It is important to thank the seventy-eight (78) Senators who voted favorably and for their courage of conviction to stand with victims. Senate Judiciary Committee Chairman Patrick Leahy (D-VT) and Senator Mike Crapo (R-ID) exhibited unwavering leadership in shepherding this bill through the Senate.
As the bill advances in Congress, it is my hope that the House of Representatives will follow the Senate’s model example of bipartisanship and work expeditiously to put forth the best policy benefiting all victims.
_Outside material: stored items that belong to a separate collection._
Definition regular_in X : Prop :=
  forall u : 'M[R]_n, Defs.isometry B u -> \det u = 1 -> unipotent u ->
    u *m X = X *m u -> u = 1%:M.

Section Siegel.
Variables e x : 'rV[R]_n.
Hypotheses (e_iso : bil B e e = 0) (ex : bil B e x = 0).
Hypotheses (e0 : e != 0) (x_notin_e : ~~ (x <= e)%MS).

Definition siegel_nil : 'M[R]_n :=
  B *m x^T *m e - B *m e^T *m x - (bil B x x / 2) *: (B *m e^T *m e).
Definition siegel : 'M[R]_n := 1%:M + siegel_nil.

Lemma siegel_nil_act v : v *m siegel_nil =
  bil B v x *: e - bil B v e *: x - (bil B x x / 2 * bil B v e) *: e.
Proof. by rewrite /siegel_nil !mulmxBr -scalemxAr !rank1_act scalerA. Qed.

Lemma siegel_act v : v *m siegel = v + v *m siegel_nil.
Proof. by rewrite /siegel mulmxDr mulmx1. Qed.

Lemma siegel_nil_e : e *m siegel_nil = 0.
Proof. by rewrite siegel_nil_act e_iso ex !scale0r mulr0 scale0r !subr0. Qed.

Lemma siegel_nil_x : x *m siegel_nil = bil B x x *: e.
Proof.
by rewrite siegel_nil_act bil_sym ex !scale0r mulr0 scale0r !subr0.
Qed.

(* N^3 = 0, since e N = 0 and x N lies on the line <e>. *)
Lemma siegel_nil_cube : siegel_nil *m siegel_nil *m siegel_nil = 0.
Proof.
apply: mulmx_row_ext => v; rewrite !mulmxA mulmx0 (siegel_nil_act v) !mulmxBl.
rewrite -!scalemxAl siegel_nil_e siegel_nil_x -scalemxAl siegel_nil_e.
by rewrite !mul0mx !scaler0 !subr0.
Qed.

Lemma siegel_unipotent : unipotent siegel.
Proof.
exists 3%N; rewrite /siegel addrC addKr !exprS expr0 mulr1 -!mulmxE mulmxA.
exact: siegel_nil_cube.
Qed.

Lemma siegel_isometry : Defs.isometry B siegel.
Proof.
apply: isometry_bil => u v; rewrite !siegel_act !siegel_nil_act.
have xe : bil B x e = 0 by rewrite bil_sym.
rewrite !(bilDl, bilDr, bilNl, bilNr, bilZl, bilZr) e_iso ex xe.
rewrite [bil B e v]bil_sym [bil B x v]bil_sym.
by field.
Qed.

(* A unipotent isometry has no eigenvalue -1, hence determinant 1. *)
Lemma siegel_det : \det siegel = 1.
Proof.
apply/eqP; apply: contraT => detS_neq1.
have [|v v0 vS] := eigenvector_of_det unitB siegel_isometry (sqrN1 R).
  by rewrite opprK expr1n mul1r.
have vN : v *m siegel_nil = (- 2) *: v.
  move: vS; rewrite siegel_act scaleN1r => /(canRL (addKr v)) ->.
  by rewrite scaleNr scaler_nat mulr2n opprD.
have : v *m (siegel_nil *m siegel_nil *m siegel_nil) = 0.
  by rewrite siegel_nil_cube mulmx0.
rewrite !mulmxA vN -!scalemxAl vN -scalemxAl vN !scalerA => /eqP.
by rewrite scaler_eq0 (negPf v0) orbF !mulf_eq0 oppr_eq0 (negPf two_neq0).
Qed.
Lemma sbf_lower Pi Theta m t :
  0 < Pi -> (0 < m)%nat -> 0 <= Theta <= INR m * Pi -> 0 <= t ->
  Theta / Pi * t - 2 * (Theta - Theta * Theta / (INR m * Pi)) <= sbf Pi Theta m t.
Proof.
  intros HPi Hm HTh Ht. unfold sbf.
  set (E := fun x : R => exists s t0, supply_pattern Pi Theta m s /\ 0 <= t0 /\
                                      x = RInt s t0 (t0 + t)).
  destruct (Glb_Rbar_correct E) as [Hlb Hglb].
  (* Without a witness pattern the infimum would be +oo, whose [real] part is 0. *)
  assert (HE : E (RInt (burst Pi Theta m) 0 (0 + t))).
  { exists (burst Pi Theta m), 0.
    split; [apply burst_supply_pattern; auto|split; [lra|reflexivity]]. }
  assert (Hle : Rbar_le (Theta / Pi * t - 2 * (Theta - Theta * Theta / (INR m * Pi)))
                        (Glb_Rbar E)).
  { apply Hglb. intros x [s [t0 [Hs [Ht0 ->]]]]. apply RInt_supply_lower; auto. }
  pose proof (Hlb _ HE) as Hfin.
  destruct (Glb_Rbar E); simpl in *; tauto.
Qed.

(** * Bounds on the demand *)

Section Demand.
Variables (n : nat) (T C D : nat -> R) (k : nat) (A : R).
Hypothesis Htask : forall i, (i < n)%nat -> 0 < C i /\ C i <= D i /\ D i <= T i.

Let t := A + D k.

Lemma CI_bounds i : (i < n)%nat -> 0 <= CI (T i) (C i) (D i) t <= C i.
Proof.
  intros Hi; destruct (Htask i Hi) as [HC _]. unfold CI. split.
  - apply Rmin_glb; [lra|apply Rmax_l].
  - apply Rmin_l.
Qed.

Lemma nJ_mul_le i : (i < n)%nat ->
  nJ (T i) (D i) t * C i <= t * (C i / T i) + (T i - D i) * C i / T i.
Proof.
  intros Hi; destruct (Htask i Hi) as [HC [HCD HDT]].
  unfold nJ, floorR. destruct (base_Int_part ((t + T i - D i) / T i)) as [Hfloor _].
  replace (t * (C i / T i) + (T i - D i) * C i / T i)
    with ((t + T i - D i) / T i * C i) by (field; lra).
  apply Rmult_le_compat_r; lra.
Qed.

Lemma Ihat_le i : (i < n)%nat ->
  Ihat T C D k A i <= t * (C i / T i) + (T i - D i) * C i / T i.
Proof.
  intros Hi. pose proof (nJ_mul_le i Hi). pose proof (CI_bounds i Hi).
  destruct (Htask i Hi) as [HC _].
  unfold Ihat, W; fold t; destruct (Nat.eqb_spec i k) as [<-|_];
    (eapply Rle_trans; [apply Rmin_l|]); lra.
Qed.

Lemma Ibar_sub_Ihat_le i : (i < n)%nat -> Ibar T C D k A i - Ihat T C D k A i <= C i.
Proof.
  intros Hi. pose proof (CI_bounds i Hi) as [HCI0 HCI].
  assert (Hmin : forall a c x, 0 <= c -> Rmin a x - Rmin (a - c) x <= c).
  { intros a c x Hc; unfold Rmin; destruct Rle_dec; destruct Rle_dec; lra. }
  unfold Ibar, Ihat; fold t; destruct (Nat.eqb_spec i k) as [<-|_];
    (apply Rle_trans with (CI (T i) (C i) (D i) t); [apply Hmin|]); assumption.
Qed.

Lemma dem_upper m :
  dem n T C D k A m <= INR m * C k + t * sumR n (fun i => C i / T i)
    + sumR n (fun i => (T i - D i) * C i / T i) + sum_largest (m - 1) n C.
Proof.
  unfold dem.
  pose proof (sumR_le n _ _ Ihat_le) as HIhat. rewrite sumR_scal_plus in HIhat.
  pose proof (sum_largest_le (m - 1) n _ C Ibar_sub_Ihat_le).
  lra.
Qed.

End Demand.

(* tasks indexed 0..n-1; paper's k in {1..n} is k < n here *)
Theorem theorem2 (n : nat) (T C D : nat -> R) (m : nat) (Pi Theta : R) (k : nat) :
  (forall i, (i < n)%nat -> 0 < C i /\ C i <= D i /\ D i <= T i) ->
  (0 < m)%nat ->
  0 < Pi -> 0 <= Theta -> Theta <= INR m * Pi ->
  sumR n (fun i => C i / T i) < Theta / Pi ->
  (k < n)%nat ->
  let Utau := sumR n (fun i => C i / T i) in
  let CSigma := sum_largest (m - 1) n C in
  let U := sumR n (fun i => (T i - D i) * C i / T i) in
  let B := Theta / Pi * (2 + 2 * (Pi - Theta / INR m)) in
  (exists A, 0 <= A /\ dem n T C D k A m > sbf Pi Theta m (A + D k)) ->
  exists A, 0 <= A /\ dem n T C D k A m > sbf Pi Theta m (A + D k) /\
    A < (CSigma + INR m * C k - D k * (Theta / Pi - Utau) + U + B)
        / (Theta / Pi - Utau).
Proof.
  intros Htask Hm HPi HTh HThm HU Hk Utau CSigma U B [A [HA Hdem]].
  exists A; split; [exact HA|split; [exact Hdem|]].
  destruct (Htask k Hk) as [HCk [HCDk _]].
  pose proof (dem_upper n T C D k A Htask m) as Hdem_up. fold Utau U CSigma in Hdem_up.
  pose proof (sbf_lower Pi Theta m (A + D k) HPi Hm (conj HTh HThm) ltac:(lra)) as Hsbf.
  assert (HB : B = 2 * (Theta / Pi) + 2 * (Theta - Theta * Theta / (INR m * Pi))).
  { unfold B. field. split; [lra|apply not_0_INR; lia]. }
  assert (0 <= Theta / Pi) by (apply Rdiv_le_0_compat; lra).
  apply Rlt_div_r; [unfold Utau; lra|].
  assert (A * (Theta / Pi - Utau)
          = Theta / Pi * (A + D k) - (A + D k) * Utau - D k * (Theta / Pi - Utau)) by ring.
  lra.
Qed.
Lemma dart_rel_drop (T : finType) (f : D -> T) (keep keep' : pred E) d :
  (forall e, keep e -> e != edge d -> keep' e) -> forall x y, dart_rel f keep x y ->
  [|| dart_rel f keep' x y, (x == f d) && (y == f (alpha d)) | (x == f (alpha d)) && (y == f d)].
Proof.
move=> kk' x y /existsP [d' /and3P [d'k /eqP <- /eqP <-]].
have [/edge_darts [->|->]|d'd] := eqVneq (edge d') (edge d).
- by rewrite !eqxx ?orbT.
- by rewrite alphaK !eqxx ?orbT.
by apply/orP; left; apply/existsP; exists d'; rewrite kk' ?eqxx.
Qed.

Lemma const_on_dart_relE (T Q : finType) (f : D -> T) keep (s : {ffun T -> Q}) :
  const_on_comp (dart_rel f keep) s =
  [disjoint keep & [pred e | [exists d, (edge d == e) && (s (f d) != s (f (alpha d)))]]].
Proof.
apply/idP/idP => [s_const|keep_eta].
  apply/pred0P => e /=; apply/negP => /andP [ke /existsP [d /andP [/eqP de]]]; subst e.
  apply/negP; rewrite negbK.
  move/forallP/(_ (f d))/forallP/(_ (f (alpha d)))/implyP: s_const; apply.
  by apply: connect1; apply/existsP; exists d; rewrite !eqxx !andbT; exact: ke.
apply/forallP=> x; apply/forallP=> y; apply/implyP=> /(connect_const (f := s)) -> //.
move=> _ _ /existsP [d /and3P [dk /eqP <- /eqP <-]]; apply/eqP.
move: (disjointFr keep_eta dk); rewrite inE => /negbT; rewrite negb_exists => /forallP /(_ d).
by rewrite eqxx negbK.
Qed.

(* Convertible to [prim_rel w] and [dual_rel w]. *)
Local Notation prim w := (dart_rel vert (fun e => e \in w)).
Local Notation dual w := (dart_rel face (fun e => e \notin w)).
Local Notation kp w := (ncomp (prim w)).
Local Notation kd w := (ncomp (dual w)).

Section FaceTracing.
Variables (w : {set E}) (d : D).
Hypotheses (d_notin_w : edge d \notin w)
  (d_bridge : ~~ connect (prim w) (vert d) (vert (alpha d))).

Let in_cluster z := connect (prim w) (vert d) (vert z).
(* [tau] is the face permutation of the submap with edges [w]: its orbit through
   [d] goes around the cluster of [vert d], and each step either stays in a face
   of the map or crosses an edge outside [w]. *)
Let tau z := sigma (if edge z \in w then alpha z else z).

Lemma tau_inj : injective tau.
Proof.
move=> z1 z2 /perm_inj; case: ifP => z1w; case: ifP => z2w //.
- exact: perm_inj.
- by move=> z12; rewrite -z12 edge_alpha z1w in z2w.
- by move=> z12; rewrite z12 edge_alpha z2w in z1w.
Qed.

Lemma in_cluster_tau z : in_cluster z -> in_cluster (tau z).
Proof.
rewrite /in_cluster /tau vert_sigma; case: ifP => // zw dz.
by apply: connect_trans dz (connect1 _); apply/existsP; exists z; rewrite zw !eqxx.
Qed.

Lemma connect_face_tau z : in_cluster z -> z != d ->
  connect (dual (edge d |: w)) (face z) (face (tau z)).
Proof.
rewrite /tau; case: ifP => zw dz zd; first by rewrite face_phimap connect0.
rewrite face_sigma; apply: connect1; apply/existsP; exists z.
rewrite !eqxx !andbT in_setU1 zw orbF; apply/eqP => /edge_darts [zd'|za].
  by rewrite zd' eqxx in zd.
by rewrite /in_cluster za (negbTE d_bridge) in dz.
Qed.

Lemma connect_dual_bridge : connect (dual (edge d |: w)) (face d) (face (alpha d)).
Proof.
have tau_d : exists n, iter n tau (tau d) == d.
  exists (findex tau (tau d) d); rewrite iter_findex //.
  by rewrite fconnect_sym; [exact: fconnect1 | exact: tau_inj].
have [n /eqP tau_n n_min] := ex_minnP tau_d.
have walk i : i <= n -> in_cluster (iter i tau (tau d)) /\
    connect (dual (edge d |: w)) (face (tau d)) (face (iter i tau (tau d))).
  elim: i => [|i IHi] i_le.
    by split; [apply: in_cluster_tau; exact: connect0 | exact: connect0].
  have [IHc IHf] := IHi (ltnW i_le); rewrite iterS; split; first exact: in_cluster_tau.
  apply: connect_trans IHf (connect_face_tau IHc _).
  by apply/negP => /n_min; rewrite leqNgt i_le.
have [_] := walk n (leqnn n); rewrite tau_n /tau (negbTE d_notin_w) face_sigma.
by rewrite (sym_connect_sym (dart_rel_sym _ _)).
Qed.
End FaceTracing.

Lemma kdual_setU1_le w e : e \notin w -> (kd (e |: w) + kp w <= kd w + kp (e |: w) + 1)%N.
Proof.
have [d <-] : exists d, edge d = e by case: hmap => _ [_ [_ [_ [_ [_ [edge_onto _]]]]]].
move=> d_notin_w.
have in_w e' : e' \in edge d |: w -> e' != edge d -> e' \in w.
  by rewrite in_setU1 => /orP [/eqP ->|//]; rewrite eqxx.
have notin_dw e' : e' \notin w -> e' != edge d -> e' \notin edge d |: w.
  by move=> ew ed; rewrite in_setU1 negb_or ed.
have prim_drop := dart_rel_drop (f := vert) in_w.
have dual_drop := dart_rel_drop (f := face) notin_dw.
have prim_sub : subrel (prim w) (prim (edge d |: w)).
  by apply: dart_rel_sub => e' e'w; rewrite in_setU1 e'w orbT.
have dual_sub : subrel (dual (edge d |: w)) (dual w).
  by apply: dart_rel_sub => e'; rewrite in_setU1 negb_or => /andP [].
have kp_le := ncomp_add_edge_le (dart_rel_sym _ _) prim_drop.
have kd_le := ncomp_add_edge_le (dart_rel_sym _ _) dual_drop.
have [d_conn|d_bridge] := boolP (connect (prim w) (vert d) (vert (alpha d))).
  have := ncomp_add_edge_connected (dart_rel_sym _ _) prim_drop prim_sub d_conn; lia.
have := ncomp_add_edge_connected (dart_rel_sym _ _) dual_drop dual_sub
  (connect_dual_bridge d_notin_w d_bridge); lia.
Qed.

Lemma kdual_subset_le w w' : w \subset w' ->
  (kd w' + kp w + #|w| <= kd w + kp w' + #|w'|)%N.
Proof.
have [n] := ubnP #|w' :\: w|; elim: n w => // n IHn w diff_lt ww'.
have [|[e e_in]] := set_0Vmem (w' :\: w).
  by move/eqP; rewrite setD_eq0 => w'w; have -> : w = w' by apply/eqP; rewrite eqEsubset ww'.
have [e_in_w' e_notin_w] := setDP e_in.
have diff_e : (#|w' :\: (e |: w)| < n)%N.
  by move: diff_lt; rewrite (cardsD1 e) e_in setDDl setUC; lia.
have := IHn _ diff_e; rewrite subUset sub1set e_in_w' ww' cardsU1 e_notin_w => /(_ isT).
have := kdual_setU1_le e_notin_w; lia.
Qed.

Lemma connect_of_darts (T : finType) (r : rel T) (f : D -> T) :
  (forall x, exists d, f d = x) ->
  (forall d, connect r (f d) (f (sigma d))) -> (forall d, connect r (f d) (f (alpha d))) ->
  forall x y, connect r x y.
Proof.
case: hmap => _ [_ [_ [_ [_ [_ [_ [_ [darts_conn _]]]]]]]] f_onto f_sigma f_alpha x y.
have [[dx <-] [dy <-]] := (f_onto x, f_onto y).
apply: (homo_connect _ (darts_conn dx dy)) => d _ /orP [] /eqP ->.
  exact: f_sigma.
exact: f_alpha.
Qed.

Lemma euler_clusters w : (kd w + #|V| = kp w + #|w| + 1)%N.
Proof.
have kd0 : (kd set0 <= 1)%N.
  apply/ncomp_le1/(connect_of_darts (f := face)) => [|d|d].
  - by case: hmap => _ [_ [_ [_ [_ [_ [_ [face_onto _]]]]]]].
  - by rewrite face_sigma; apply: connect1; apply/existsP; exists d; rewrite inE !eqxx.
  - by apply: connect1; apply/existsP; exists d; rewrite inE !eqxx.
have kpT : (kp setT <= 1)%N.
  apply/ncomp_le1/(connect_of_darts (f := vert)) => [|d|d].
  - by case: hmap => _ [_ [_ [_ [_ [vert_onto _]]]]].
  - by rewrite vert_sigma connect0.
  - by apply: connect1; apply/existsP; exists d; rewrite inE !eqxx.
have kdT : kd setT = #|U| by apply: ncomp_rel0 => u v; apply/existsP => -[d]; rewrite inE.
have kp0 : kp set0 = #|V| by apply: ncomp_rel0 => x y; apply/existsP => -[d]; rewrite inE.
have card_map : (#|V| + #|U| = #|E| + 2)%N.
  by case: hmap => _ [_ [_ [_ [_ [_ [_ [_ [_ card_map]]]]]]]].
have := kdual_subset_le (sub0set w); have := kdual_subset_le (subsetT w).
rewrite cards0 cardsT; lia.
Qed.

End PlanarMap.

Local Open Scope ring_scope.

Section UniformSpins.
Variables (T Q : finType) (r : rel T).
Hypothesis r_sym : connect_sym r.
Variable R : numFieldType.

Definition comp_law (s : {ffun T -> Q}) : R :=
  if const_on_comp r s then (#|Q|%:R)^-1 ^+ ncomp r else 0.

Lemma sum_comp_law : (0 < #|Q|)%N -> \sum_s comp_law s = 1.
Proof.
move=> Q_gt0; rewrite /comp_law -big_mkcond.
rewrite (eq_bigl [in [set s | const_on_comp r s]]) => [|s]; last by rewrite inE.
rewrite sumr_const (card_const_on_comp Q r_sym) -[LHS]mulr_natr natrX exprVn mulVf //.
by rewrite expf_neq0 // pnatr_eq0 -lt0n.
Qed.
End UniformSpins.

Lemma prodr_if_disjoint (T : finType) (R : comPzRingType) (A P : {set T}) (x : R) :
  \prod_(e in A) (if e \in P then 0 else x) = if [disjoint A & P] then x ^+ #|A| else 0.
Proof.
case: ifPn => [AP|]; last first.
  by rewrite -setI_eq0 => /set0Pn [e /setIP [eA eP]]; rewrite (bigD1 e) //= eP mul0r.
by rewrite -prodr_const; apply: eq_bigr => e eA; rewrite (disjointFr AP eA).
Qed.

Lemma sum_subsets_disjoint (T : finType) (R : comPzRingType) (a b : R) (P D : {set T}) :
  a + b = 1 ->
  \sum_(w : {set T}) (if [disjoint w & P] then a ^+ #|w| else 0) *
                     (if [disjoint ~: w & D] then b ^+ #|~: w| else 0)
  = if [disjoint P & D] then a ^+ #|D| * b ^+ #|P| else 0.
Proof.
move=> ab1; pose g e := if e \in P then 0 else a; pose h e := if e \in D then 0 else b.
transitivity (\prod_e (g e + h e)).
  rewrite bigA_distr; apply: eq_big => // w _.
  rewrite -!prodr_if_disjoint [RHS](bigID [in w]) /=; congr (_ * _).
    by apply: eq_bigr => e ->.
  by apply: eq_big => [e|e]; rewrite inE // => /negbTE ->.
rewrite (eq_bigr (fun e => (if e \in D then g e else 1) * (if e \in P then b else 1))).
  rewrite big_split /= -!big_mkcond prodr_if_disjoint prodr_const disjoint_sym.
  by case: ifP; rewrite ?mul0r.
move=> e _; rewrite /g /h.
by case: (e \in P); case: (e \in D); rewrite ?(mulr1, mul1r, mul0r, addr0, add0r, ab1).
Qed.

Lemma mixture_marginal (R : fieldType) (W A B : finType) (f : W -> R)
    (X : W -> A -> R) (Y : W -> B -> R) (g : A -> B -> R) (M : R) :
  M != 0 -> (forall w, \sum_t X w t = 1) -> (forall w, \sum_t Y w t = 1) ->
  (forall t t', \sum_w f w * X w t * Y w t' = M * g t t') ->
  forall t t', \sum_w f w / (\sum_v f v) * X w t * Y w t' = g t t' / \sum_u \sum_u' g u u'.
Proof.
move=> M_neq0 X1 Y1 fXY t t'.
have sum_f : \sum_w f w = M * \sum_u \sum_u' g u u'.
  transitivity (\sum_w \sum_u \sum_u' f w * X w u * Y w u').
    apply: eq_bigr => w _; rewrite -{1}[f w]mulr1 -(X1 w) mulr_sumr.
    by apply: eq_bigr => u _; rewrite -{1}[f w * X w u]mulr1 -(Y1 w) mulr_sumr.
  rewrite exchange_big mulr_sumr; apply: eq_bigr => u _.
  by rewrite exchange_big mulr_sumr; apply: eq_bigr => u' _; exact: fXY.
under eq_bigr do rewrite [_ / _ * _]mulrAC [_ / _ * _]mulrAC.
by rewrite -mulr_suml fXY sum_f invfM mulrACA divff // mul1r.
Qed.
Lemma nilpotent_regular_2group_odd (gT : finGroupType) (G V : {group gT}) :
  nilpotent G -> V \subset 'N(G) -> 2.-group V -> 'C_G(V) = 1 -> odd #|G|.
Proof.
move=> nilG nGV pV regV; set P := 'O_2(G).
suff P1 : P = 1.
  have := nilpotent_pcore_Hall 2 nilG; rewrite -/P P1 /pHall => /and3P[_ _].
  by rewrite indexg1 p'natE // dvdn2 negbK.
apply/eqP; apply: contraT => ntP.
have nPV : V \subset 'N(P) := char_norm_trans (pcore_char 2 G) nGV.
have pPV : 2.-group (P <*> V) by rewrite norm_joinEr // pgroupM pcore_pgroup.
have nsPPV : P <| P <*> V by rewrite normalYl.
have [x /setIP[Px /setIP[_ cPVx]] ntx] :=
  trivgPn _ (meet_center_nil (pgroup_nil pPV) nsPPV ntP).
have : x \in 'C_G(V).
  by rewrite inE (subsetP (pcore_sub 2 G)) // (subsetP (centS (joing_subr P V))).
by rewrite regV inE (negbTE ntx).
Qed.

Lemma subcent1I_sub_subcent (gT : finGroupType) (G V : {set gT}) x y :
  {subset V <= [set 1; x; y; x * y]} -> 'C_G[x] :&: 'C_G[y] \subset 'C_G(V).
Proof.
move=> sV; apply/subsetP => g /setIP[/setIP[Gg /cent1P cgx] /setIP[_ /cent1P cgy]].
rewrite inE Gg; apply/centP => z /sV; rewrite !inE => /orP[/orP[/orP[]|]|] /eqP->.
- exact: commute1.
- exact: cgx.
- exact: cgy.
- exact: commuteM cgx cgy.
Qed.

Lemma fpf_four_of_four_group (gT : finGroupType) (G V : {group gT}) (v1 v2 v3 : gT) :
    nilpotent G -> V \subset 'N(G) -> (V : {set gT}) = [set 1; v1; v2; v3] -> #|V| = 4 ->
    v1 ^+ 2 = 1 -> v2 ^+ 2 = 1 -> v3 ^+ 2 = 1 -> 'C_G(V) = 1 ->
  fpf_four G v1 v2 v3.
Proof.
move=> nilG nGV defV oV v1sq v2sq v3sq regV.
have : uniq [:: 1; v1; v2; v3].
  by apply/card_uniqP; rewrite /= -oV defV; apply: eq_card => z; rewrite !inE !orbA.
rewrite /= !inE !negb_or => /and4P[/and3P[v1n1 v2n1 _] /andP[v12 _] _ _].
have Vv z : z \in [:: v1; v2; v3] -> z \in V.
  by rewrite defV !inE => /or3P[] ->; rewrite ?orbT.
have e12 : v1 * v2 = v3.
  have : v1 * v2 \in V by rewrite groupM ?Vv // !inE eqxx ?orbT.
  rewrite defV !inE => /orP[/orP[/orP[]|]|] /eqP // e.
  - by move: v12; rewrite -(mulKg v1 v2) e mulg1 invg_involution ?eqxx.
  - by move: v2n1; rewrite -(mulKg v1 v2) e mulVg eqxx.
  - by move: v1n1; rewrite -(mulgK v2 v1) e mulgV eqxx.
have e13 : v1 * v3 = v2 by rewrite -e12 mulgA -expg2 v1sq mul1g.
have e23 : v2 * v3 = v1.
  by rewrite -(invg_involution v3sq) -e12 invMg !invg_involution // mulgA -expg2 v2sq mul1g.
have TI x y : {subset V <= [set 1; x; y; x * y]} -> 'C_G[x] :&: 'C_G[y] = 1.
  by move=> sV; apply/trivgP; rewrite -regV subcent1I_sub_subcent.
split.
- by apply: nilpotent_regular_2group_odd nilG nGV _ regV; rewrite /pgroup oV.
- by rewrite !(subsetP nGV) ?Vv // !inE eqxx ?orbT.
- by [].
- by rewrite e12 -expg2 v3sq.
split; apply: TI => z; rewrite defV ?e12 ?e13 ?e23 !inE.
all: by case/orP=> [/orP[/orP[]|]|] ->; rewrite ?orbT.
Qed.

Lemma fpf_four_subcent1_der1_eq (gT : finGroupType) (G : {group gT}) a b c :
    nilpotent G -> fpf_four G a b c ->
  'C_G[c] :&: G^`(1) = starGen 'C_G[a] 'C_G[b] 'C_G[c].
Proof.
move=> nilG fG; apply/eqP.
by rewrite eqEsubset fpf_four_subcent1_der1 // starGen_sub.
Qed.

Theorem lemma4p7 (gT : finGroupType) (G V : {group gT}) (v1 v2 v3 : gT) :
  nilpotent G ->
  V \subset 'N(G) ->
  (V : {set gT}) = [set 1; v1; v2; v3] ->
  #|V| = 4 ->
  v1 ^+ 2 = 1 -> v2 ^+ 2 = 1 -> v3 ^+ 2 = 1 ->
  'C_G(V) = 1 ->
  [/\ 'C_G[v1] :&: G^`(1) = starGen 'C_G[v2] 'C_G[v3] 'C_G[v1],
      'C_G[v2] :&: G^`(1) = starGen 'C_G[v1] 'C_G[v3] 'C_G[v2]
    & 'C_G[v3] :&: G^`(1) = starGen 'C_G[v1] 'C_G[v2] 'C_G[v3]].
Proof.
move=> nilG nGV defV oV v1sq v2sq v3sq regV.
have fG := fpf_four_of_four_group nilG nGV defV oV v1sq v2sq v3sq regV.
split; apply: fpf_four_subcent1_der1_eq nilG _.
- exact: fpf_four_rot fG.
- exact: fpf_four_perm23 fG.
- exact: fG.
Qed.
Sources: National Coalition Against Domestic Violence
Photo Credit: Microsoft Clip Art
Not all homes provide a safe haven. For the victims of domestic violence, home is a place where hearts and lives are broken. Family violence spares no one. The partner who is battered and the children who watch, or who themselves may be abused, all suffer. Their physical and emotional pain is long-lasting.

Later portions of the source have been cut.